HyFusion: Enhanced Reception Field Transformer for Hyperspectral Image Fusion
Chia-Ming Lee, Yu-Fan Lin, Yu-Hao Ho, Li-Wei Kang, Chih-Chung Hsu
TL;DR
HyFusion addresses the challenge of reconstructing high-resolution hyperspectral images (HR-HSIs) by fusing high-resolution multispectral images (HR-MSIs) with low-resolution HSIs (LR-HSIs) using a Dual-Coupled Network (DCN). Central to the approach is the Enhanced Reception Field Block (ERFB), which combines dense feature reuse with Improved Swin Transformer Layers to expand the receptive field and capture long-range spatial-spectral dependencies. Task-specific losses, including Spectral Angle Mapper (SAM) and Stationary Wavelet Transform (SWT) losses, guide the model toward faithful spectral and spatial-spectral reconstruction, yielding state-of-the-art results on AVIRIS data under varying data availability. The framework demonstrates strong data efficiency and practical viability for resource-constrained hyperspectral imaging scenarios, with extensive experiments showing improved PSNR, SAM, RMSE, and ERGAS while maintaining a compact model size.
Abstract
Hyperspectral image (HSI) fusion addresses the challenge of reconstructing High-Resolution HSIs (HR-HSIs) from High-Resolution Multispectral images (HR-MSIs) and Low-Resolution HSIs (LR-HSIs), a critical task given the high costs and hardware limitations associated with acquiring high-quality HSIs. While existing methods leverage spatial and spectral relationships, they often suffer from limited receptive fields and insufficient feature utilization, leading to suboptimal performance.

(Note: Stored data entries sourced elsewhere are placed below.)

(* Let $N\ge1$, and let $q,\gamma\ne0,s_0,\xi_0\ne0$ and $u_1,\dots,u_N,v_1,\dots,v_N$ be generic complex numbers. Define $$\mathsf Z(u,v)=\frac{(1-\gamma)(q-\gamma^{-1}s_0^2)(1-uv)+(1-q)(1-\xi_0s_0u)(1-\xi_0^{-1}s_0v)}{(1-uv)(1-quv)},$$ $$\mathsf M_i(v)=\xi_0^{2i-N}v^{N-i-1}\Big\{(1-s_0\xi_0^{-1}v)(v\xi_0^{-1}-s_0)\prod_{l=1}^N\frac{1-qvu_l}{1-vu_l}-\gamma^{-1}q^{N-i}(\gamma-s_0\xi_0^{-1}v)(\gamma qv\xi_0^{-1}-s_0)\Big\},$$ $$\widetilde{\mathsf M}_i(u)=u^{N-i-1}\Big\{(1-s_0\xi_0u)(u-s_0/\xi_0)\prod_{l=1}^N\frac{1-quv_l}{1-uv_l}-\gamma^{-1}q^{N-i}(\gamma-s_0\xi_0u)(\gamma qu-s_0/\xi_0)\Big\}.$$ Then $$\frac{\prod_{i,j=1}^N(1-qu_iv_j)}{\prod_{1\le i<j\le N}(u_i-u_j)(v_i-v_j)}\det\big[\mathsf Z(u_i,v_j)\big]_{i,j=1}^N=\frac{\det[\mathsf M_i(v_j)]_{i,j=1}^N}{\prod_{1\le i<j\le N}(v_i-v_j)}=\frac{\det[\widetilde{\mathsf M}_i(u_j)]_{i,j=1}^N}{\prod_{1\le i<j\le N}(u_i-u_j)}.$$ *)

From mathcomp Require Import all_boot all_algebra.
From mathcomp Require Import Rstruct complex.
Set Implicit Arguments. Unset Strict Implicit. Unset Printing Implicit Defensive.
Import GRing.Theory Num.Theory.
Local Open Scope ring_scope.

Notation C := (Rdefinitions.R[i]).

Definition Zfun (q gamma s0 xi0 u v : C) : C :=
  ((1 - gamma) * (q - gamma^-1 * s0 ^+ 2) * (1 - u * v)
   + (1 - q) * (1 - xi0 * s0 * u) * (1 - xi0^-1 * s0 * v))
  / ((1 - u * v) * (1 - q * u * v)).

(* M_i(v), for the paper's index i in 1..N (integer exponents) *)
Definition Mfun (N : nat) (q gamma s0 xi0 : C) (u : 'I_N -> C) (i : nat) (v : C) : C :=
  xi0 ^ (2 * (i : int) - (N : int)) * v ^ ((N : int) - (i : int) - 1) *
  ((1 - s0 * xi0^-1 * v) * (v * xi0^-1 - s0) *
     \prod_(l < N) ((1 - q * v * u l) / (1 - v * u l))
   - gamma^-1 * q ^+ (N - i) * (gamma - s0 * xi0^-1 * v) * (gamma * q * v * xi0^-1 - s0)).

Definition Mtfun (N : nat) (q gamma s0 xi0 : C) (v : 'I_N -> C) (i : nat) (u : C) : C :=
  u ^ ((N : int) - (i : int) - 1) *
  ((1 - s0 * xi0 * u) * (u - s0 / xi0) *
     \prod_(l < N) ((1 - q * u * v l) / (1 - u * v l))
   - gamma^-1 * q ^+ (N - i) * (gamma - s0 * xi0 * u) * (gamma * q * u - s0 / xi0)).

Definition vandprod (N : nat) (x : 'I_N -> C) : C :=
  \prod_(i < N) \prod_(j < N | (i < j)%N) (x i - x j).

From mathcomp Require Import all_boot all_algebra.
From mathcomp Require Import Rstruct complex.
From mathcomp Require Import ring zify.
Import GRing.Theory Num.Theory.
Set Implicit Arguments. Unset Strict Implicit. Unset Printing Implicit Defensive.
Local Open Scope ring_scope.

(* Both determinants [M_i(v_j)] and [Mt_i(u_j)] factor through [Z(u_i,v_j)].
   For distinct nonzero y_1..y_N put Q_k = prod_(l <> k) (y_k - y_l).  Since
   w |-> sum_k y_k^m / Q_k * prod_(l <> k) (1 - w y_l) - w^(N-1-m) has degree
   < N and vanishes at the N points w = 1/y_j, we get for 0 <= m < N
     (PF)  sum_k y_k^m / (Q_k (1 - w y_k)) = w^(N-1-m) / prod_l (1 - w y_l).
   Decomposing Z(y,x) into partial fractions in y and applying (PF) yields
     M_(i+1)(v)  = xi0^(2i+1-N) sum_k u_k^i / Q_k(u) Z(u_k,v) prod_l (1 - q v u_l),
     Mt_(i+1)(u) =              sum_k v_k^i / Q_k(v) Z(u,v_k) prod_l (1 - q u v_l),
   i.e. [M_i(v_j)] = D V(u) diag(1/Q(u)) [Z(u_k,v_j)] diag(prod_l (1 - q v_j u_l))
   with D diagonal of determinant 1 and V(u) a Vandermonde matrix; similarly for
   Mt with Z transposed.  Since det V(u) / prod_k Q_k(u) = 1 / vandprod u, taking
   determinants gives both equalities. *)

Section PartialFractions.

Variables (F : fieldType) (N : nat) (y : 'I_N -> F).
Hypotheses (hy : injective y) (hy0 : forall k, y k != 0).

Definition lagrange_denom (k : 'I_N) : F := \prod_(l < N | l != k) (y k - y l).

Lemma lagrange_denom_neq0 k : lagrange_denom k != 0.
Proof.
apply/prodf_neq0 => l hlk; rewrite subr_eq0; apply/eqP => /hy ekl.
by rewrite ekl eqxx in hlk.
Qed.

Lemma card_other_indices (k : 'I_N) : #|[pred l : 'I_N | l != k]| = N.-1.
Proof. by rewrite -[in RHS](card_ord N) -(cardC1 k); apply: eq_card. Qed.

Definition one_minus_X (a : F) : {poly F} := (- a)%:P * 'X + 1%:P.

Lemma size_one_minus_X a : a != 0 -> size (one_minus_X a) = 2%N.
Proof.
move=> a0; rewrite size_MXaddC polyC_eq0 oppr_eq0 (negbTE a0) /=.
by rewrite size_polyC oppr_eq0 a0.
Qed.

Lemma horner_one_minus_X a w : (one_minus_X a).[w] = 1 - w * a.
Proof. by rewrite /one_minus_X !hornerE; ring. Qed.

(* Lagrange interpolation of w^(N-1-m) at the nodes 1/y_j. *)
Lemma lagrange_power_identity m w : (m < N)%N ->
  \sum_(k < N) y k ^+ m / lagrange_denom k * \prod_(l < N | l != k) (1 - w * y l)
  = w ^+ (N.-1 - m).
Proof.
move=> ltmN.
set P := \sum_(k < N) (y k ^+ m / lagrange_denom k) *:
           \prod_(l < N | l != k) one_minus_X (y l) - 'X^(N.-1 - m).
have sizeP : (size P <= N)%N.
  apply: leq_trans (size_polyD _ _) _; rewrite geq_max size_polyN size_polyXn.
  apply/andP; split; last by lia.
  apply: leq_trans (size_sum _ _ _) _; apply/bigmax_leqP => k _.
  apply: leq_trans (size_scale_leq _ _) _.
  rewrite size_prod => [|l _]; last by rewrite -size_poly_eq0 size_one_minus_X.
  under eq_bigr do rewrite size_one_minus_X //.
  by rewrite sum_nat_const card_other_indices; lia.
have rootP j : root P (y j)^-1.
  rewrite /root /P hornerD hornerN hornerXn horner_sum (bigD1 j) //=.
  rewrite [X in _ + X - _]big1 => [|k hkj]; last first.
    rewrite hornerZ horner_prod (bigD1 j) 1?eq_sym //= horner_one_minus_X.
    by rewrite mulVf ?hy0 // subrr mul0r mulr0.
  rewrite addr0 hornerZ horner_prod.
  under eq_bigr => l _ do
    rewrite horner_one_minus_X -[1](mulfV (hy0 j)) [_^-1 * _]mulrC -mulrBl.
  rewrite big_split /= -/(lagrange_denom j) prodr_const card_other_indices.
  set n := (N.-1 - m)%N; have -> : N.-1 = (n + m)%N by rewrite /n; lia.
  rewrite exprD !exprVn subr_eq0; apply/eqP.
  have := lagrange_denom_neq0 j; have := hy0 j.
  by move=> yj0 Qj0; field; rewrite Qj0 !expf_neq0.
have P0 : P = 0.
  apply: (@roots_geq_poly_eq0 _ P [seq (y k)^-1 | k <- enum 'I_N]).
  - by apply/allP => x /mapP [j _ ->].
  - by rewrite map_inj_uniq ?enum_uniq // => a b /invr_inj /hy.
  - by rewrite size_map size_enum_ord.
move/(congr1 (horner^~ w)): P0.
rewrite /P hornerD hornerN hornerXn horner0 horner_sum => /eqP.
rewrite subr_eq0 => /eqP <-; apply: eq_bigr => k _.
rewrite hornerZ horner_prod; congr (_ * _).
by apply: eq_bigr => l _; rewrite horner_one_minus_X.
Qed.

Definition moment_ratio (m : nat) (w : F) : F :=
  w ^+ (N.-1 - m) / \prod_(l < N) (1 - w * y l).

Lemma partial_fraction_moment m w : (m < N)%N -> (forall l, 1 - w * y l != 0) ->
  \sum_(k < N) y k ^+ m / (lagrange_denom k * (1 - w * y k)) = moment_ratio m w.
Proof.
move=> ltmN hw; rewrite /moment_ratio -(lagrange_power_identity w ltmN) mulr_suml.
apply: eq_bigr => k _; rewrite [\prod_(l < N) _](bigD1 k) //=.
have := lagrange_denom_neq0 k; have := hw k.
have : \prod_(l < N | l != k) (1 - w * y l) != 0 by apply/prodf_neq0.
by move=> ? ? ?; field; apply/and3P.
Qed.

(* Weighted row sums of the kernel
     (al (1 - y x) + (1 - q)(1 - c y) G) / ((1 - y x)(1 - q y x)),
   obtained termwise from its partial fraction decomposition in y and (PF). *)
Lemma kernel_moment_sum m (al c G q x : F) : (m < N)%N -> x != 0 ->
  (forall l, 1 - x * y l != 0) -> (forall l, 1 - q * x * y l != 0) ->
  \sum_(k < N) y k ^+ m / lagrange_denom k *
     ((al * (1 - y k * x) + (1 - q) * (1 - c * y k) * G)
        / ((1 - y k * x) * (1 - q * y k * x)))
  = al * moment_ratio m (q * x)
    + G * ((1 - c / x) * moment_ratio m x - (q - c / x) * moment_ratio m (q * x)).
Proof.
move=> ltmN x0 h1 h2.
rewrite -!(partial_fraction_moment ltmN) // mulrBr !mulr_sumr -!sumrB -big_split /=.
apply: eq_bigr => k _.
have := lagrange_denom_neq0 k; have := h1 k; have := h2 k.
have e1 : 1 - y k * x != 0 by rewrite mulrC.
have e2 : 1 - q * y k * x != 0 by rewrite mulrAC.
by move=> ? ? ?; field; apply/and4P.
Qed.

End PartialFractions.

Lemma prod_lagrange_denom N (y : 'I_N -> C) :
  \prod_(k < N) lagrange_denom y k
  = vandprod y * \prod_(i < N) \prod_(j < N | (i < j)%N) (y j - y i).
Proof.
rewrite /lagrange_denom /vandprod.
under eq_bigr => k _ do rewrite (bigID (fun l : 'I_N => (k < l)%N)) /=.
rewrite big_split /= [X in _ * X](exchange_big_dep predT) //=.
congr (_ * _); apply: eq_bigr => k _; apply: eq_bigl => l; rewrite -val_eqE /=.
  by case: ltngtP.
by case: ltngtP.
Qed.

Lemma vandprod_neq0 N (y : 'I_N -> C) : injective y -> vandprod y != 0.
Proof.
move=> hy; have : \prod_(k < N) lagrange_denom y k != 0.
  by apply/prodf_neq0 => k _; apply: lagrange_denom_neq0.
by rewrite prod_lagrange_denom mulf_eq0 negb_or => /andP [].
Qed.

(* If E_ij = s_i sum_k y_k^i / Q_k Z_kj p_j, then E = diag(s) V(y) diag(1/Q) Z diag(p),
   whence its determinant. *)
Lemma det_vandermonde_factor N (y : 'I_N -> C) (E : 'M[C]_N) (Z : 'I_N -> 'I_N -> C)
    (s p : 'I_N -> C) :
  injective y ->
  (forall i j, E i j = s i * \sum_(k < N) y k ^+ i / lagrange_denom y k * (Z k j * p j)) ->
  \det E = (\prod_(i < N) s i) * \det (\matrix_(k, j) Z k j) * (\prod_(j < N) p j)
           / vandprod y.
Proof.
move=> hy hE.
have -> : E = diag_mx (\row_i s i) *m
                (Vandermonde N (\row_k y k) *m diag_mx (\row_k (lagrange_denom y k)^-1))
              *m ((\matrix_(k, j) Z k j) *m diag_mx (\row_j p j)).
  apply/matrixP => i j; rewrite hE mul_diag_mx !mul_mx_diag !mxE mulr_sumr.
  by apply: eq_bigr => k _; rewrite !mxE mulrA.
rewrite !det_mulmx !det_diag det_Vandermonde.
under eq_bigr do rewrite mxE.
under [X in _ * (_ * X) * _]eq_bigr do rewrite mxE.
under [X in _ * (_ * X)]eq_bigr do rewrite mxE.
under [X in _ * (X * _) * _]eq_bigr do under eq_bigr do rewrite !mxE.
have := vandprod_neq0 hy; have : \prod_(k < N) lagrange_denom y k != 0.
  by apply/prodf_neq0 => k _; apply: lagrange_denom_neq0.
rewrite prodfV prod_lagrange_denom mulf_eq0 negb_or => /andP [_ hD] hV.
by field; rewrite hD hV.
Qed.

(* Integer powers with exponent a - b, turned into a quotient of natural powers so
   that the row identities below become rational identities handled by field. *)
Lemma expfz_natB (x : C) (a b : nat) : x != 0 -> x ^ ((a : int) - (b : int)) = x ^+ a / x ^+ b.
Proof. by move=> x0; rewrite expfzDr // -exprnN. Qed.

(* Row i0 + 1 of M as a combination of the rows of Z: expand Z(u_k, v) with
   kernel_moment_sum (c = xi s0, G = 1 - s0 v / xi); what remains is a rational
   identity in v, xi, q^(N-i0-1) and the two products over l. *)
Lemma Mfun_row N (q g s0 xi : C) (u : 'I_N -> C) (v : C) (i0 : nat) :
  injective u -> (forall k, u k != 0) -> g != 0 -> xi != 0 -> v != 0 ->
  (forall l, 1 - v * u l != 0) -> (forall l, 1 - q * v * u l != 0) -> (i0 < N)%N ->
  Mfun q g s0 xi u i0.+1 v = xi ^+ (2 * i0 + 1) / xi ^+ N *
    \sum_(k < N) u k ^+ i0 / lagrange_denom u k *
       (Zfun q g s0 xi (u k) v * \prod_(l < N) (1 - q * v * u l)).
Proof.
move=> hu hu0 g0 xi0 v0 h1 h2 lti0N.
under eq_bigr do rewrite mulrA.
rewrite -mulr_suml /Zfun (kernel_moment_sum hu hu0 _ _ _ lti0N v0 h1 h2).
rewrite /moment_ratio /Mfun prodf_div.
have [n eN] : exists n, N = (i0 + n + 1)%N by exists (N - i0.+1)%N; lia.
have -> : (2 * (i0.+1 : int) - (N : int) = ((2 * i0 + 2)%N : int) - (N : int))%R by lia.
have -> : ((N : int) - (i0.+1 : int) - 1 = (N : int) - ((i0 + 2)%N : int))%R by lia.
rewrite !expfz_natB //.
have -> : (N.-1 - i0 = n)%N by lia.
have -> : (N - i0.+1 = n)%N by lia.
have -> : v ^+ N = v ^+ n * v ^+ i0 * v by rewrite eN addn1 exprS exprD; ring.
have -> : (2 * i0 + 2 = (2 * i0 + 1).+1)%N by lia.
rewrite addn2 !exprS exprMn.
have : \prod_(l < N) (1 - q * v * u l) != 0 by apply/prodf_neq0.
have : \prod_(l < N) (1 - v * u l) != 0 by apply/prodf_neq0.
have : xi ^+ N != 0 by rewrite expf_neq0.
have : v ^+ i0 != 0 by rewrite expf_neq0.
move: (\prod_(l < N) _) (\prod_(l < N) _) (xi ^+ N) (v ^+ i0) => A B X V hV hX hB hA.
by field; rewrite hA hB hX hV v0 xi0 g0.
Qed.

(* Row i0 + 1 of Mt as a combination of the columns of Z: by the symmetry of Z,
   Z(u, v_k) is the kernel in v_k with c = s0 / xi and G = 1 - xi s0 u. *)
Lemma Mtfun_row N (q g s0 xi : C) (v : 'I_N -> C) (u : C) (i0 : nat) :
  injective v -> (forall k, v k != 0) -> g != 0 -> xi != 0 -> u != 0 ->
  (forall l, 1 - u * v l != 0) -> (forall l, 1 - q * u * v l != 0) -> (i0 < N)%N ->
  Mtfun q g s0 xi v i0.+1 u =
    \sum_(k < N) v k ^+ i0 / lagrange_denom v k *
       (Zfun q g s0 xi u (v k) * \prod_(l < N) (1 - q * u * v l)).
Proof.
move=> hv hv0 g0 xi0 u0 h1 h2 lti0N.
under eq_bigr do rewrite mulrA.
rewrite -mulr_suml.
have Zswap k : Zfun q g s0 xi u (v k) =
  ((1 - g) * (q - g^-1 * s0 ^+ 2) * (1 - v k * u)
   + (1 - q) * (1 - (xi^-1 * s0) * v k) * (1 - xi * s0 * u))
  / ((1 - v k * u) * (1 - q * v k * u)).
  by rewrite /Zfun; congr (_ / _); ring.
under eq_bigr do rewrite Zswap.
rewrite (kernel_moment_sum hv hv0 _ _ _ lti0N u0 h1 h2) /moment_ratio /Mtfun prodf_div.
have [n eN] : exists n, N = (i0 + n + 1)%N by exists (N - i0.+1)%N; lia.
have -> : ((N : int) - (i0.+1 : int) - 1 = (N : int) - ((i0 + 2)%N : int))%R by lia.
rewrite !expfz_natB //.
have -> : (N.-1 - i0 = n)%N by lia.
have -> : (N - i0.+1 = n)%N by lia.
have -> : u ^+ N = u ^+ n * u ^+ i0 * u by rewrite eN addn1 exprS exprD; ring.
rewrite addn2 !exprS exprMn.
have : \prod_(l < N) (1 - q * u * v l) != 0 by apply/prodf_neq0.
have : \prod_(l < N) (1 - u * v l) != 0 by apply/prodf_neq0.
have : u ^+ i0 != 0 by rewrite expf_neq0.
move: (\prod_(l < N) _) (\prod_(l < N) _) (u ^+ i0) => A B V hV hB hA.
by field; rewrite hA hB hV u0 xi0 g0.
Qed.

(* The row scalings xi^(2i+1-N) of M multiply to 1, as sum_(i<N) (2i+1) = N^2. *)
Lemma prod_row_scalings N (xi : C) : xi != 0 ->
  \prod_(i < N) (xi ^+ (2 * i + 1) / xi ^+ N) = 1.
Proof.
move=> xi0; have sum_odd : (\sum_(i < N) (2 * i + 1) = N * N)%N.
  by elim: N => [|n IH]; rewrite ?big_ord0 // big_ord_recr /= IH; lia.
rewrite prodf_div prodrXr prodr_const sum_odd card_ord -exprM.
by rewrite divff // expf_neq0.
Qed.

Theorem theorem4p1 (N : nat) (q gamma s0 xi0 : C) (u v : 'I_N -> C)
  (hN : (1 <= N)%N)
  (hgamma : gamma != 0) (hxi0 : xi0 != 0)
  (hu0 : forall i, u i != 0) (hv0 : forall j, v j != 0)
  (hu : injective u) (hv : injective v)
  (huv : forall i j, 1 - u i * v j != 0)
  (hquv : forall i j, 1 - q * u i * v j != 0) :
  (\prod_(i < N) \prod_(j < N) (1 - q * u i * v j)) / (vandprod u * vandprod v)
    * \det (\matrix_(i < N, j < N) Zfun q gamma s0 xi0 (u i) (v j))
  = \det (\matrix_(i < N, j < N) Mfun q gamma s0 xi0 u i.+1 (v j)) / vandprod v
  /\
  \det (\matrix_(i < N, j < N) Mfun q gamma s0 xi0 u i.+1 (v j)) / vandprod v
  = \det (\matrix_(i < N, j < N) Mtfun q gamma s0 xi0 v i.+1 (u j)) / vandprod u.
Proof.
set Z := \matrix_(i < N, j < N) Zfun q gamma s0 xi0 (u i) (v j).
set P := \prod_(i < N) \prod_(j < N) (1 - q * u i * v j).
have detM : \det (\matrix_(i < N, j < N) Mfun q gamma s0 xi0 u i.+1 (v j))
    = (\prod_(i < N) (xi0 ^+ (2 * i + 1) / xi0 ^+ N)) * \det Z
      * \prod_(j < N) \prod_(l < N) (1 - q * v j * u l) / vandprod u.
  apply: det_vandermonde_factor => // i j; rewrite !mxE.
  apply: Mfun_row => // l; first by rewrite mulrC.
  by rewrite mulrAC.
have detMt : \det (\matrix_(i < N, j < N) Mtfun q gamma s0 xi0 v i.+1 (u j))
    = (\prod_(i < N) (1 : C)) * \det Z^T * P / vandprod v.
  have -> : Z^T = \matrix_(k, j) Zfun q gamma s0 xi0 (u j) (v k).
    by apply/matrixP => k j; rewrite !mxE.
  apply: det_vandermonde_factor => // i j; rewrite !mxE mul1r.
  exact: Mtfun_row.
have eP : \prod_(j < N) \prod_(l < N) (1 - q * v j * u l) = P.
  rewrite /P exchange_big; apply: eq_bigr => i _; apply: eq_bigr => j _.
  by rewrite mulrAC.
rewrite detM detMt prod_row_scalings // eP big1_eq det_tr.
have := vandprod_neq0 hu; have := vandprod_neq0 hv.
by move=> hVv hVu; split; field; rewrite hVu hVv.
Qed.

Furthermore, the scarcity of high-quality HSI data highlights the importance of efficient data utilization to maximize reconstruction quality. To address these issues, we propose HyFusion, a novel Dual-Coupled Network (DCN) framework designed to enhance cross-domain feature extraction and enable effective feature map reusing. The framework first processes HR-MSI and LR-HSI inputs through specialized subnetworks that mutually enhance each other during feature extraction, preserving complementary spatial and spectral details. At its core, HyFusion utilizes an Enhanced Reception Field Block (ERFB), which combines shifting-window attention and dense connections to expand the receptive field, effectively capturing long-range dependencies while minimizing information loss. Extensive experiments demonstrate that HyFusion achieves state-of-the-art performance in HR-MSI/LR-HSI fusion, significantly improving reconstruction quality while maintaining a compact model size and computational efficiency. By integrating enhanced receptive fields and feature map reusing into a coupled network architecture, HyFusion provides a practical and effective solution for HSI fusion in resource-constrained scenarios, setting a new benchmark in hyperspectral imaging. Our code will be publicly available.